Description of the task:
Whenever a line below mentions the word "subnn", that line should be copied.

Collected data entries
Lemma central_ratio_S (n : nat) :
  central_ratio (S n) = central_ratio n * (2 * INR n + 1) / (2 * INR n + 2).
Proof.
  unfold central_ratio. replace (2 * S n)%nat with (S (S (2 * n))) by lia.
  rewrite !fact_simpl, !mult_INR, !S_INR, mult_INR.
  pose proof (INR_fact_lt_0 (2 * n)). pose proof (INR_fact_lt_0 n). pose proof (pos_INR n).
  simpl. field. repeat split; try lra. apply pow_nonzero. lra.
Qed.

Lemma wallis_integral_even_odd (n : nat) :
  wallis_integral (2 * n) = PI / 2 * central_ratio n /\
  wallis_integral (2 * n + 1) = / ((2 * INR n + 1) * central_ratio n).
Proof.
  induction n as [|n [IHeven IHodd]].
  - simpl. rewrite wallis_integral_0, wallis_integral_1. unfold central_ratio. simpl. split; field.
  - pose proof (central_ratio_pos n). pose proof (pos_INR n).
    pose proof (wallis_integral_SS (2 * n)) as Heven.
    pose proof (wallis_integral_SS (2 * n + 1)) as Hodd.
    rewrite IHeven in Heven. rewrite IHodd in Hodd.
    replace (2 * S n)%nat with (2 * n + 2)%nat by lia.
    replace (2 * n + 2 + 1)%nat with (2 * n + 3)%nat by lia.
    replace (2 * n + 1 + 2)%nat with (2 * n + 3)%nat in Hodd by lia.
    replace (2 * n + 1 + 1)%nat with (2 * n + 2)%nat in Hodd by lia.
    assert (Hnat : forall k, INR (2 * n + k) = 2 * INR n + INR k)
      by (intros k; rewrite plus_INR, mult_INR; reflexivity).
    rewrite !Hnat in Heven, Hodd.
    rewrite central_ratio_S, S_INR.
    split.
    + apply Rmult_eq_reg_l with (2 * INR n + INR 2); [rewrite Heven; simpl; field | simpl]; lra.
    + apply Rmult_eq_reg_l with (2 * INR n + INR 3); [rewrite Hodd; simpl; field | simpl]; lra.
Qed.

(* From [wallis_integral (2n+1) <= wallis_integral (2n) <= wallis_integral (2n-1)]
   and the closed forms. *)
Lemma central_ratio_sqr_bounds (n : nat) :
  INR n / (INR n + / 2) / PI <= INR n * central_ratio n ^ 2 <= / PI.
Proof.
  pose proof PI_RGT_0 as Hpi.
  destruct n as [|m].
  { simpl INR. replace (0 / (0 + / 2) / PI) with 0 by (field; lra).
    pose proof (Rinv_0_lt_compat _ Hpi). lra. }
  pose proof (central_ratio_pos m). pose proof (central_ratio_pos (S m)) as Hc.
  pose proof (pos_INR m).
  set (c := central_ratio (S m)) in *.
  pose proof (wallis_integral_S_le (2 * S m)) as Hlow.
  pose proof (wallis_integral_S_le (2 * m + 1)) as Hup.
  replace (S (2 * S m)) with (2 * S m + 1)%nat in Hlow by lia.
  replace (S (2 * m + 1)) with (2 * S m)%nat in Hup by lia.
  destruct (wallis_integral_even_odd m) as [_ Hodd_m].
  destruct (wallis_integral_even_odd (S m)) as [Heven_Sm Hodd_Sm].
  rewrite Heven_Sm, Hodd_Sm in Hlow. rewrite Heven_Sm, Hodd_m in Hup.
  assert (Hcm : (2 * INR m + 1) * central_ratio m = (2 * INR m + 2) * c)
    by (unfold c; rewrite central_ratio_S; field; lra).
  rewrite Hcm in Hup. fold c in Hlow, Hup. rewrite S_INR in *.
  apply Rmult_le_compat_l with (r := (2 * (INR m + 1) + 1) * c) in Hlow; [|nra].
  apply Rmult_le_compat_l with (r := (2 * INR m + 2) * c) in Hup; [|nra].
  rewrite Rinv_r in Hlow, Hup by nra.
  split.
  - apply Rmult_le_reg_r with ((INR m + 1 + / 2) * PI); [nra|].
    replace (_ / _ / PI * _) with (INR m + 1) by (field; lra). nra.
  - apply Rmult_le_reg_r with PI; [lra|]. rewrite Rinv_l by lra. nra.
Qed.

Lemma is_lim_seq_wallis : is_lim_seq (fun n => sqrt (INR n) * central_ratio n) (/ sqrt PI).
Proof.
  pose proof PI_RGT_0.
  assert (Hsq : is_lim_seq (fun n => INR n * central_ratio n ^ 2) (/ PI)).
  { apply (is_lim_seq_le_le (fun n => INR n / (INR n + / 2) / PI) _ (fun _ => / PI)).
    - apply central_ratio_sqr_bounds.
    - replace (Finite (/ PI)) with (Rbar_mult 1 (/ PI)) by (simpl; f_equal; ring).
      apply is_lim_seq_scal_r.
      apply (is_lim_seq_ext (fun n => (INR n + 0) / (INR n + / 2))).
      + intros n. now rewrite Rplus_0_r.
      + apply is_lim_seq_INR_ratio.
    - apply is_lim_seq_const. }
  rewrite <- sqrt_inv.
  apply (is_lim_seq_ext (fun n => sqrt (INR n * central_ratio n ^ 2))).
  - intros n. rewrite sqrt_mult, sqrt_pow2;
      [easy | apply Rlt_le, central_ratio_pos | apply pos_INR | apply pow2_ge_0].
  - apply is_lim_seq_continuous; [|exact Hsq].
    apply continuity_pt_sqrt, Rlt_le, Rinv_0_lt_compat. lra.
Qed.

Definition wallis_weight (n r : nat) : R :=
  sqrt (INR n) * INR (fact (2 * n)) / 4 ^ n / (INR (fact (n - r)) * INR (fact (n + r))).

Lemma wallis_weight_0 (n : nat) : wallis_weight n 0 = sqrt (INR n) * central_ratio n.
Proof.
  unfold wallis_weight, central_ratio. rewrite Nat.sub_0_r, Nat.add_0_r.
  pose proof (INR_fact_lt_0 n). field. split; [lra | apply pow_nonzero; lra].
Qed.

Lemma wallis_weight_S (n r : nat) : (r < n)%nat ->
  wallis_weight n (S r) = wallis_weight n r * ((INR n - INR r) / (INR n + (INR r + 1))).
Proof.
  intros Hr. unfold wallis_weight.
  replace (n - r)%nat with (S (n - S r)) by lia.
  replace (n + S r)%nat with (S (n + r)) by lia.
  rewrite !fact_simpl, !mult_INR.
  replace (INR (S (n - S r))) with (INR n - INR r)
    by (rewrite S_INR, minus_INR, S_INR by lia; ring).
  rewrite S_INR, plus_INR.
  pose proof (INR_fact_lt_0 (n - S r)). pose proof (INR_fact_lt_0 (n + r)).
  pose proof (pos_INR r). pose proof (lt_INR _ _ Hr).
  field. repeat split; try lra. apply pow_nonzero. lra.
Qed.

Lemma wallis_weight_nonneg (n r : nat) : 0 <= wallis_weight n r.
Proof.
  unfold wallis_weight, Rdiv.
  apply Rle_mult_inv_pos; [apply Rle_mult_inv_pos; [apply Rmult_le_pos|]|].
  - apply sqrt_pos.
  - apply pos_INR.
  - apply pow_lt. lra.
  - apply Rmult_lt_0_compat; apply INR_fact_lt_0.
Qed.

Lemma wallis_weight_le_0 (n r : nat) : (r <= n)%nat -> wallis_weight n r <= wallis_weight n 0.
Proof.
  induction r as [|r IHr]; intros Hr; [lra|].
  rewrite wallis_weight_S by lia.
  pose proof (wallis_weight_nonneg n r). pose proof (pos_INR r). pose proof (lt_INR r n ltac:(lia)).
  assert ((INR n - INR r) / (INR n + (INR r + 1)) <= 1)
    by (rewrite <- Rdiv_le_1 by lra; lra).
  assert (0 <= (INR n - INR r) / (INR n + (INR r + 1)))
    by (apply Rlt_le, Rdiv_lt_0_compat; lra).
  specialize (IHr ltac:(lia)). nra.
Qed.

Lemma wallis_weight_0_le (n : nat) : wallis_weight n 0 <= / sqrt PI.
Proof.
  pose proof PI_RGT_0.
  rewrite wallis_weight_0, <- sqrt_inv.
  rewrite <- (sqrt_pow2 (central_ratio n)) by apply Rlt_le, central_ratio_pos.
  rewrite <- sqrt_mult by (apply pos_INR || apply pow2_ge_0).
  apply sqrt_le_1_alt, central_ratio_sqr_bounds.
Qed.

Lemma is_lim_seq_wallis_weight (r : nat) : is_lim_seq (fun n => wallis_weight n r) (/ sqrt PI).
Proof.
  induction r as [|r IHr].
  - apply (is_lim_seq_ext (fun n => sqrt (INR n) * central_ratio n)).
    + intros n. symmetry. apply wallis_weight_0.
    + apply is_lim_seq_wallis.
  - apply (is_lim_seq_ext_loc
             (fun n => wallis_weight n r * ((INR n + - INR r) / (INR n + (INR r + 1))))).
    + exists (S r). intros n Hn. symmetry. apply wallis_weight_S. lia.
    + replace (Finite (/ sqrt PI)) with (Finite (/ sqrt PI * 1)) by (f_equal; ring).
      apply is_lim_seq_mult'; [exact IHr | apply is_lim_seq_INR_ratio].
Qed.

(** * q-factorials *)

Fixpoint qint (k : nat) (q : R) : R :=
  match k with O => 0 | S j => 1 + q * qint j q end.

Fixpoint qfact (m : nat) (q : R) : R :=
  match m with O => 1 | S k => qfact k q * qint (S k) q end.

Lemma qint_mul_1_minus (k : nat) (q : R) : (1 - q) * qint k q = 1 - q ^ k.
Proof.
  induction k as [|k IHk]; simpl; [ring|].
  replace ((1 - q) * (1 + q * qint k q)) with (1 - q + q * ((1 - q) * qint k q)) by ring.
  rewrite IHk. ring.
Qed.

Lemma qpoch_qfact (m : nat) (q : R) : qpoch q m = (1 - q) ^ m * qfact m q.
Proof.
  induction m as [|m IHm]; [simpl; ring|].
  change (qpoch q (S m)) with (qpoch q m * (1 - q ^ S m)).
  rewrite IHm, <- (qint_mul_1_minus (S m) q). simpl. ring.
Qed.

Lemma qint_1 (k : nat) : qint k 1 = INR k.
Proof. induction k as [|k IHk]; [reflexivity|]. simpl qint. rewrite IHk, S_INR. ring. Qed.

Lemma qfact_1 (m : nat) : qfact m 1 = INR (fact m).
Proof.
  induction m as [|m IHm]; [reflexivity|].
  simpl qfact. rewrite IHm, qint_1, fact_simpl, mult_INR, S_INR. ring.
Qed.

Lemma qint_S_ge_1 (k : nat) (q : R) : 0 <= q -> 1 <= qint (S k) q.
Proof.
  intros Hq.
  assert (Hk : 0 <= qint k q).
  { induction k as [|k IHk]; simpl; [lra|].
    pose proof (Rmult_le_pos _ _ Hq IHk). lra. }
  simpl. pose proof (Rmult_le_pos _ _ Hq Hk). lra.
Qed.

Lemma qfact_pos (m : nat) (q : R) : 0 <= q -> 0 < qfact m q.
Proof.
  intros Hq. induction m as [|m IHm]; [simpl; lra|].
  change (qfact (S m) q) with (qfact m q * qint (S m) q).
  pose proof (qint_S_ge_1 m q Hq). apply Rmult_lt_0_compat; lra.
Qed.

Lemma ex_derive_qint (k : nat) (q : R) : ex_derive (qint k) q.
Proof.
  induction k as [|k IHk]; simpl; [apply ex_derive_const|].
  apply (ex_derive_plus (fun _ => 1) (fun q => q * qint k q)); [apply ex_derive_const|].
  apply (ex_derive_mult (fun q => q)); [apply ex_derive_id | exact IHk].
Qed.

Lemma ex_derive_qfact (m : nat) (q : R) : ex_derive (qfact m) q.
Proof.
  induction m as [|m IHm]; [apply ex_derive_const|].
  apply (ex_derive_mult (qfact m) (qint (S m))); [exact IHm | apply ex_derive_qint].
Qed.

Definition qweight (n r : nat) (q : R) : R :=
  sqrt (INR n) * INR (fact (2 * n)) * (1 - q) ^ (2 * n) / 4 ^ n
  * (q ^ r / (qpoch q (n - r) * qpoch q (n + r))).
* * *
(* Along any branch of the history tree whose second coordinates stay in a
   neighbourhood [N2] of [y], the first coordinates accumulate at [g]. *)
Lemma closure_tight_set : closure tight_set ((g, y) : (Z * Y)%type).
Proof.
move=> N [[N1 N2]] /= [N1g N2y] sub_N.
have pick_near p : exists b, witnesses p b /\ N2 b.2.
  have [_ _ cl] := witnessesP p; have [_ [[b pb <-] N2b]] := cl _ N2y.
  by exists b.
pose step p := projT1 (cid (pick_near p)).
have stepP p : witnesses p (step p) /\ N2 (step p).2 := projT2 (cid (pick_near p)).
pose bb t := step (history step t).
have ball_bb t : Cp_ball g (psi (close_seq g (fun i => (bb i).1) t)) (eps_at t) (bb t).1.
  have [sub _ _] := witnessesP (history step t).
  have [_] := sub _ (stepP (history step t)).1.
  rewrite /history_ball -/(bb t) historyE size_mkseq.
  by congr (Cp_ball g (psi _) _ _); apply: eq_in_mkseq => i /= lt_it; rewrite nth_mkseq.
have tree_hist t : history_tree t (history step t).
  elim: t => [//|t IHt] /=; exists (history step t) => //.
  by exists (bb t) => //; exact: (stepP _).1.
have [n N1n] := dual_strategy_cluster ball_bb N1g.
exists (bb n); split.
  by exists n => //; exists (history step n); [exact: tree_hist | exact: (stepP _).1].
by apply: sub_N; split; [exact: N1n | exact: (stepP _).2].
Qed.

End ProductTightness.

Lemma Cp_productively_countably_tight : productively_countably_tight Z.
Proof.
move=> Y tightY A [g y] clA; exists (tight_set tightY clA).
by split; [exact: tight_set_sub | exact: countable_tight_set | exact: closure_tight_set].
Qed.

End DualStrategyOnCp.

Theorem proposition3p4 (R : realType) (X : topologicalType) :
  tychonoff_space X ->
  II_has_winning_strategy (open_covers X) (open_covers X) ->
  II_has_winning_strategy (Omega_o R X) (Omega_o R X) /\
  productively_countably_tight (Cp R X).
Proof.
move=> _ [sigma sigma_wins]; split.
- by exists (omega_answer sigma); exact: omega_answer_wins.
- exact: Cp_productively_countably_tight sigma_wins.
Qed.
...
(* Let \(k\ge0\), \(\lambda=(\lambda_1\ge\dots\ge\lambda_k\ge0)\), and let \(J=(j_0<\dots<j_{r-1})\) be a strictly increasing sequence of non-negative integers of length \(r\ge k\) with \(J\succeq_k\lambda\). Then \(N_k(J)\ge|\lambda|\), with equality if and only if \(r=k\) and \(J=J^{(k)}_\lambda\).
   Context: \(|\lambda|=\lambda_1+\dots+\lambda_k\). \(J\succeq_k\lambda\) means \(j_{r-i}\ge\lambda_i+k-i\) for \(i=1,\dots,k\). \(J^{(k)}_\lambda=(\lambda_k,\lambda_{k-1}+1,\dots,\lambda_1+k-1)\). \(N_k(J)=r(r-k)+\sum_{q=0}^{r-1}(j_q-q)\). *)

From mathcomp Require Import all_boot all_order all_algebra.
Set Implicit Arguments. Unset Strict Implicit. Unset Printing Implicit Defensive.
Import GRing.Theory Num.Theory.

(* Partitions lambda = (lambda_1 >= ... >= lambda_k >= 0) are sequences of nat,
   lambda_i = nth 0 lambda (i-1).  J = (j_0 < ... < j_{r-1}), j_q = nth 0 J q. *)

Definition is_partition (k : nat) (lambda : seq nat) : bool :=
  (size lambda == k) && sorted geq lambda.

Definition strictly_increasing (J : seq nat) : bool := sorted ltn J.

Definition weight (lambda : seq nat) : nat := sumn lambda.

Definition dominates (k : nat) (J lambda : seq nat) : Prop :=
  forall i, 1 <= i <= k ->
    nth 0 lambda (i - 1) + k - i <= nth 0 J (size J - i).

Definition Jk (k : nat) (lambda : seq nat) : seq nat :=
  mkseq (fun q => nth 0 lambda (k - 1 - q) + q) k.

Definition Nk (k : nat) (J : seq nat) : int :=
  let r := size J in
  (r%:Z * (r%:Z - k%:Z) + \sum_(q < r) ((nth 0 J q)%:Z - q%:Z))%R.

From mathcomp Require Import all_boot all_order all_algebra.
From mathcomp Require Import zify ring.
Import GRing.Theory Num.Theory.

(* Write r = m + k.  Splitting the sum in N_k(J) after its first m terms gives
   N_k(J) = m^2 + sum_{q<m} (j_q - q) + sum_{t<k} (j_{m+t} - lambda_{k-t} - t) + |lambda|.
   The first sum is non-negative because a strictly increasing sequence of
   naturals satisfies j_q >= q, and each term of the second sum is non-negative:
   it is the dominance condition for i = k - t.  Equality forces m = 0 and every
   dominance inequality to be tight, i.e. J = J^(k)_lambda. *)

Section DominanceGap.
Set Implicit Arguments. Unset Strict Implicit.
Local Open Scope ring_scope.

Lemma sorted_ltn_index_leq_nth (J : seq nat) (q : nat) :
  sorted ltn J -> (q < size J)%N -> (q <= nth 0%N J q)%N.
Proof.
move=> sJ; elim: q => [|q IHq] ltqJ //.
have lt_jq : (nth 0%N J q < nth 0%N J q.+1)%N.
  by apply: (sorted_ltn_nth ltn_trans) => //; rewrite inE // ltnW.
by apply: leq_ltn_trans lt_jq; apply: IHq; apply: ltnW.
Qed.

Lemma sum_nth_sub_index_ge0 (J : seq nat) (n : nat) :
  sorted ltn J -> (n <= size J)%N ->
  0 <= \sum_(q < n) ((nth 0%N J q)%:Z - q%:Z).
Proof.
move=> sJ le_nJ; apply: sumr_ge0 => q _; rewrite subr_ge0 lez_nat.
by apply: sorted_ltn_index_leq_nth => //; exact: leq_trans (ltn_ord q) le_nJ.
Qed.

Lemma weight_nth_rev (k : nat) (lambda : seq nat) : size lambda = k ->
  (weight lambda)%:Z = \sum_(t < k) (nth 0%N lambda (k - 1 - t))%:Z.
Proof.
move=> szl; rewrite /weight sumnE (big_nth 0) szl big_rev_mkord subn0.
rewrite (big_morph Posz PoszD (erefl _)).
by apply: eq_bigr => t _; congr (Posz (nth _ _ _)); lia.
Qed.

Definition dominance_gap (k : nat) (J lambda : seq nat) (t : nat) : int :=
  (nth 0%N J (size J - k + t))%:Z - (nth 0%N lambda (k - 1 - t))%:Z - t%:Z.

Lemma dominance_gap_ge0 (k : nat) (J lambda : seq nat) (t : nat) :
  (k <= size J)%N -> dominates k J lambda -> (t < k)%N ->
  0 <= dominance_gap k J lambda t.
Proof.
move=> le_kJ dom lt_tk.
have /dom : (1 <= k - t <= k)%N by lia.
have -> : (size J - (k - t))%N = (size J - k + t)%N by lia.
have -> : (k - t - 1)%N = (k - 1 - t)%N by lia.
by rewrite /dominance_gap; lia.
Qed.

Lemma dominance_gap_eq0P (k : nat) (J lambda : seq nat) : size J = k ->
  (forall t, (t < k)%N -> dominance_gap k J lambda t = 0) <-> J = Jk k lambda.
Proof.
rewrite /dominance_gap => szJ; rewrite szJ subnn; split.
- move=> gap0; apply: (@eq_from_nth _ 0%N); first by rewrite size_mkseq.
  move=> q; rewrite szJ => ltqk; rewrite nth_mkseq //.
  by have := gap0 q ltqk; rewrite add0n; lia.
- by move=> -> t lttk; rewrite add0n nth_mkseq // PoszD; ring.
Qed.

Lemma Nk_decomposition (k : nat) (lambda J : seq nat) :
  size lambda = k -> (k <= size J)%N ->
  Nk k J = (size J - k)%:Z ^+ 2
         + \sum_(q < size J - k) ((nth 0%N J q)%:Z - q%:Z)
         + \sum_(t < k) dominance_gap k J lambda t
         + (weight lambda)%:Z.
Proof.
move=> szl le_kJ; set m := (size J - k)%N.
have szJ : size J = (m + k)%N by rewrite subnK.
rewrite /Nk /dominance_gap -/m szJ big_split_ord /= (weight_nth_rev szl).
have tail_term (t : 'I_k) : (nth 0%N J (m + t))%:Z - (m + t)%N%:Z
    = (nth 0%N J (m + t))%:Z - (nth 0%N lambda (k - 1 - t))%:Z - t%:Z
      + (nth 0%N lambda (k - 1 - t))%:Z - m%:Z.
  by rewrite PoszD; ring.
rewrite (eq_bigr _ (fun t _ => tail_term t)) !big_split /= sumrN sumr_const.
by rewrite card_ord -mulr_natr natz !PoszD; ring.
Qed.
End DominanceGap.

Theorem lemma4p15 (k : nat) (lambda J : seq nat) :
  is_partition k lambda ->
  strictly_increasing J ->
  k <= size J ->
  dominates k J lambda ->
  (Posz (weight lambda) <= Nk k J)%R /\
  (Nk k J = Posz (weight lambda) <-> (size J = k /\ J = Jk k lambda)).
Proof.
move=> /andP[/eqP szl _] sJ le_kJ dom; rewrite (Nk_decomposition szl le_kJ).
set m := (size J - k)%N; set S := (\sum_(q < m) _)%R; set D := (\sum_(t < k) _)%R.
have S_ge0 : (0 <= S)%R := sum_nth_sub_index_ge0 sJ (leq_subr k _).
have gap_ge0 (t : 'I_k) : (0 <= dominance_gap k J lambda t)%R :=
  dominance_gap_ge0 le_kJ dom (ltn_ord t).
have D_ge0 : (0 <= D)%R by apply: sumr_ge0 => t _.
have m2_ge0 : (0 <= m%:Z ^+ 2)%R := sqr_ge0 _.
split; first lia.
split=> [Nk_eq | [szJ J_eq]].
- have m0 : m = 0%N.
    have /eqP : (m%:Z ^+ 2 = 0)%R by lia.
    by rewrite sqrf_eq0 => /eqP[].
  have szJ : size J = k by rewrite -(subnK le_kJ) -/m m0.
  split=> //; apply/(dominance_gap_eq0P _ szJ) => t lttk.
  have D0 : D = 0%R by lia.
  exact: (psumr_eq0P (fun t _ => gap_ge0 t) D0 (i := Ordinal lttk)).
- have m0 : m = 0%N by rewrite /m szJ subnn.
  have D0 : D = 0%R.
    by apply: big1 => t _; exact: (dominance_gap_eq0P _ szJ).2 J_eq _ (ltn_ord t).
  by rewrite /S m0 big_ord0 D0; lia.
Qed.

Response to this exercise:
rewrite /dominance_gap => szJ; rewrite szJ subnn; split.
- have m0 : m = 0%N by rewrite /m szJ subnn.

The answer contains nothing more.